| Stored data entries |
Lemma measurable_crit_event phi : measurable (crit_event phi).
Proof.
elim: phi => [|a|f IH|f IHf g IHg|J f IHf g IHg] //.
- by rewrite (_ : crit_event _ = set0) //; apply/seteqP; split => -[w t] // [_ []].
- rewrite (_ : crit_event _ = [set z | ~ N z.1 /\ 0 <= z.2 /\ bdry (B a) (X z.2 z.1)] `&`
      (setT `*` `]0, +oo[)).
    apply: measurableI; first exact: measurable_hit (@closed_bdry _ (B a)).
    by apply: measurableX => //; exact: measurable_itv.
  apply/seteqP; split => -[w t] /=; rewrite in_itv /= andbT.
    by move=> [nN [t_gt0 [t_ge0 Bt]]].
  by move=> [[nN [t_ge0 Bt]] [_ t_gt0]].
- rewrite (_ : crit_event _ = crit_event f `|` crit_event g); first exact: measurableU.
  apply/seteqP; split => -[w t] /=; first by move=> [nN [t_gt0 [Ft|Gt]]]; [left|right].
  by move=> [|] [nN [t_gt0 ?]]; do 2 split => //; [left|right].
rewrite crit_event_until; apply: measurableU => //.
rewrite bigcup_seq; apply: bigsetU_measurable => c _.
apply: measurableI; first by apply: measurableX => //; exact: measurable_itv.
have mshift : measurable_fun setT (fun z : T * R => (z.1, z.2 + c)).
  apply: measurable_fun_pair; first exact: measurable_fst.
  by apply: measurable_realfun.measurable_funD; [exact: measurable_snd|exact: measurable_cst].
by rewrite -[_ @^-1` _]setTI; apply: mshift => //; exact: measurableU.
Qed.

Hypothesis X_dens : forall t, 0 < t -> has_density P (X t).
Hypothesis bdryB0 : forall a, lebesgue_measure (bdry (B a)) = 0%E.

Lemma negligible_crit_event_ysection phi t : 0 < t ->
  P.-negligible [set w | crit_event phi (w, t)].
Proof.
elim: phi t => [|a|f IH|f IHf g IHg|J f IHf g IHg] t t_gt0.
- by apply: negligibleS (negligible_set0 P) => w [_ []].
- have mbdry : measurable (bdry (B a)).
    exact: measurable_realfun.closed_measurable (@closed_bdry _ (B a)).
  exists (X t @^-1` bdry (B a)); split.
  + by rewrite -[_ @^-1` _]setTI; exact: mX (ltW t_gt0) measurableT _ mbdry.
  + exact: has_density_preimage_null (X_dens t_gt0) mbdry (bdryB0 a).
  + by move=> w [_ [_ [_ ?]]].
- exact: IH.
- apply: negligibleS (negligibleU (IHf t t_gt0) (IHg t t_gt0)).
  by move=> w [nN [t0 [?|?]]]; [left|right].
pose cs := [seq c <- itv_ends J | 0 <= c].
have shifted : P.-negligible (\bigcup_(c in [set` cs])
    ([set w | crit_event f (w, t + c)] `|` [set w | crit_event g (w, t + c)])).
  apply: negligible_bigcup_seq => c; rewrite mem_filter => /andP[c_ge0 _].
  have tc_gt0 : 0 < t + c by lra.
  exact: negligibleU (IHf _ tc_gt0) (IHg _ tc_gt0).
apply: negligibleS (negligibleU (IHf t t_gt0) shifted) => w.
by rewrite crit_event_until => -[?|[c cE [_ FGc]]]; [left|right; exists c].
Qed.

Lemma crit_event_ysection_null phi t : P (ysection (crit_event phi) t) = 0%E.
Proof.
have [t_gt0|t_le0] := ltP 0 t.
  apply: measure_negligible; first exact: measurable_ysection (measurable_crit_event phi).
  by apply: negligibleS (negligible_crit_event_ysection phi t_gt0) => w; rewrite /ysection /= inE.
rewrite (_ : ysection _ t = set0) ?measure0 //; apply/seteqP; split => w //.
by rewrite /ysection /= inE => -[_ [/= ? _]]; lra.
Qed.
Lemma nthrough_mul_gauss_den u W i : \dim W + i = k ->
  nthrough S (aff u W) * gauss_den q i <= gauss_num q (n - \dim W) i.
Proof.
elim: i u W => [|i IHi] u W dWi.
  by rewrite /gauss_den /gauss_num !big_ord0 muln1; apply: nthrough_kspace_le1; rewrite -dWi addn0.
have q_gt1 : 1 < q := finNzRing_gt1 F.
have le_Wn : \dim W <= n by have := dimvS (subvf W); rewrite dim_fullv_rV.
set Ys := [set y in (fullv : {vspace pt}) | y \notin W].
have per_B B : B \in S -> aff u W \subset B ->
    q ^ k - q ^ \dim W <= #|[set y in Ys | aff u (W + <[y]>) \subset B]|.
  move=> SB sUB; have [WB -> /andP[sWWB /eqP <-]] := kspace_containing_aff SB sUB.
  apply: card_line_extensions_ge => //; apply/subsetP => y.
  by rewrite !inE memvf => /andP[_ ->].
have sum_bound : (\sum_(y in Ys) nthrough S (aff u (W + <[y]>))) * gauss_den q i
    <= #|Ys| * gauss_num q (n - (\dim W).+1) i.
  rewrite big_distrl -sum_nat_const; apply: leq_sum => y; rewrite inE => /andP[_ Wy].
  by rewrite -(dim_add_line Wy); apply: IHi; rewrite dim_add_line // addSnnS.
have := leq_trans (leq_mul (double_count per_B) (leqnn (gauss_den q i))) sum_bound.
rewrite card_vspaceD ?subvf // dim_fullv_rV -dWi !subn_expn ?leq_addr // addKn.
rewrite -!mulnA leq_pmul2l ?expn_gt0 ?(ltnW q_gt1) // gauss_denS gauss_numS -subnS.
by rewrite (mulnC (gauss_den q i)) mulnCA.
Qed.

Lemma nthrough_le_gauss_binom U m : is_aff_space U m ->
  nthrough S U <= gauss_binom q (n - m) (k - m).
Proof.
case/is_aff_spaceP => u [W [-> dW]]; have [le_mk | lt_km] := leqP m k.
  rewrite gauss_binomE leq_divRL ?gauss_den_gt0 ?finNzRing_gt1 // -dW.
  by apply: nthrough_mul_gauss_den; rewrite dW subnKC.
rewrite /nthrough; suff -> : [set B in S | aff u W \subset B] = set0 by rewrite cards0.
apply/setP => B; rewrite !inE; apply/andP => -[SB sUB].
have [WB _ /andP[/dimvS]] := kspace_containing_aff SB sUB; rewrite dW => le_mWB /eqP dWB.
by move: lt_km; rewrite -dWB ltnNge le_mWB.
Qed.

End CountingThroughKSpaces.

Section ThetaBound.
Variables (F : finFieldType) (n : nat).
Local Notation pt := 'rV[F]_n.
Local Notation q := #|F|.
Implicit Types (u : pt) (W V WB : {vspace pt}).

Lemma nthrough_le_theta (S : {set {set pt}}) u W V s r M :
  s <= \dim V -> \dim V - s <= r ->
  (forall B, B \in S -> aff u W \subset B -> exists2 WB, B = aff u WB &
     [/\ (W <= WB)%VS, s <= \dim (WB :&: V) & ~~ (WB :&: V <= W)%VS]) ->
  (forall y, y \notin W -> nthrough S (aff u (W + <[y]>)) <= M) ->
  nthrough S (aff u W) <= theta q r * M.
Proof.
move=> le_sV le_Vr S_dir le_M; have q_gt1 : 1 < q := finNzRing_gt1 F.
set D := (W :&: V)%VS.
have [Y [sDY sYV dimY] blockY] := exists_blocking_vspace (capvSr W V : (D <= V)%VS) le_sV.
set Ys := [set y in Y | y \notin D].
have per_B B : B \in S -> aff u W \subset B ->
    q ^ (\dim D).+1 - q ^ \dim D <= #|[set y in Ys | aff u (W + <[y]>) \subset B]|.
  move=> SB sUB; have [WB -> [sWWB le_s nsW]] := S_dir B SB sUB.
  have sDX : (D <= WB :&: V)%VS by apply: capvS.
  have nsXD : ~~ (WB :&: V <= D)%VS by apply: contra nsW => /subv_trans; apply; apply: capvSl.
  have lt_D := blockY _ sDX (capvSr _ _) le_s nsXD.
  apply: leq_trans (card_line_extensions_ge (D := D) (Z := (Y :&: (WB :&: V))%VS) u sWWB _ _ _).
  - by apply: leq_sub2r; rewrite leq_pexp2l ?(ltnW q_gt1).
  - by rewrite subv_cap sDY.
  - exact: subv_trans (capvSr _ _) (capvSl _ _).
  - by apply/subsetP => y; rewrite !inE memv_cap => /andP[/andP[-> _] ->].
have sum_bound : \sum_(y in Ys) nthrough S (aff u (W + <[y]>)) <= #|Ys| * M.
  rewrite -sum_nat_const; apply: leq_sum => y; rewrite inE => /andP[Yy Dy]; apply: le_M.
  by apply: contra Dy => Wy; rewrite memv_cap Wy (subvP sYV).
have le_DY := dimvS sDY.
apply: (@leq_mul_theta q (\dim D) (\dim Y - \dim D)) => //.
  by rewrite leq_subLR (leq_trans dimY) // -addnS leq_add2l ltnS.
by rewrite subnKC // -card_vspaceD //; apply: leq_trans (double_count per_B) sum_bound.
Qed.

| Work to be completed |
Which lines should be output? Exactly those from the first line of the data through the line containing "elim: phi t", inclusive.

| The answer |
Lemma measurable_crit_event phi : measurable (crit_event phi).
Proof.
elim: phi => [|a|f IH|f IHf g IHg|J f IHf g IHg] //.
- by rewrite (_ : crit_event _ = set0) //; apply/seteqP; split => -[w t] // [_ []].
- rewrite (_ : crit_event _ = [set z | ~ N z.1 /\ 0 <= z.2 /\ bdry (B a) (X z.2 z.1)] `&`
      (setT `*` `]0, +oo[)).
    apply: measurableI; first exact: measurable_hit (@closed_bdry _ (B a)).
    by apply: measurableX => //; exact: measurable_itv.
  apply/seteqP; split => -[w t] /=; rewrite in_itv /= andbT.
    by move=> [nN [t_gt0 [t_ge0 Bt]]].
  by move=> [[nN [t_ge0 Bt]] [_ t_gt0]].
- rewrite (_ : crit_event _ = crit_event f `|` crit_event g); first exact: measurableU.
  apply/seteqP; split => -[w t] /=; first by move=> [nN [t_gt0 [Ft|Gt]]]; [left|right].
  by move=> [|] [nN [t_gt0 ?]]; do 2 split => //; [left|right].
rewrite crit_event_until; apply: measurableU => //.
rewrite bigcup_seq; apply: bigsetU_measurable => c _.
apply: measurableI; first by apply: measurableX => //; exact: measurable_itv.
have mshift : measurable_fun setT (fun z : T * R => (z.1, z.2 + c)).
  apply: measurable_fun_pair; first exact: measurable_fst.
  by apply: measurable_realfun.measurable_funD; [exact: measurable_snd|exact: measurable_cst].
by rewrite -[_ @^-1` _]setTI; apply: mshift => //; exact: measurableU.
Qed.

Hypothesis X_dens : forall t, 0 < t -> has_density P (X t).
Hypothesis bdryB0 : forall a, lebesgue_measure (bdry (B a)) = 0%E.

Lemma negligible_crit_event_ysection phi t : 0 < t ->
  P.-negligible [set w | crit_event phi (w, t)].
Proof.
elim: phi t => [|a|f IH|f IHf g IHg|J f IHf g IHg] t t_gt0.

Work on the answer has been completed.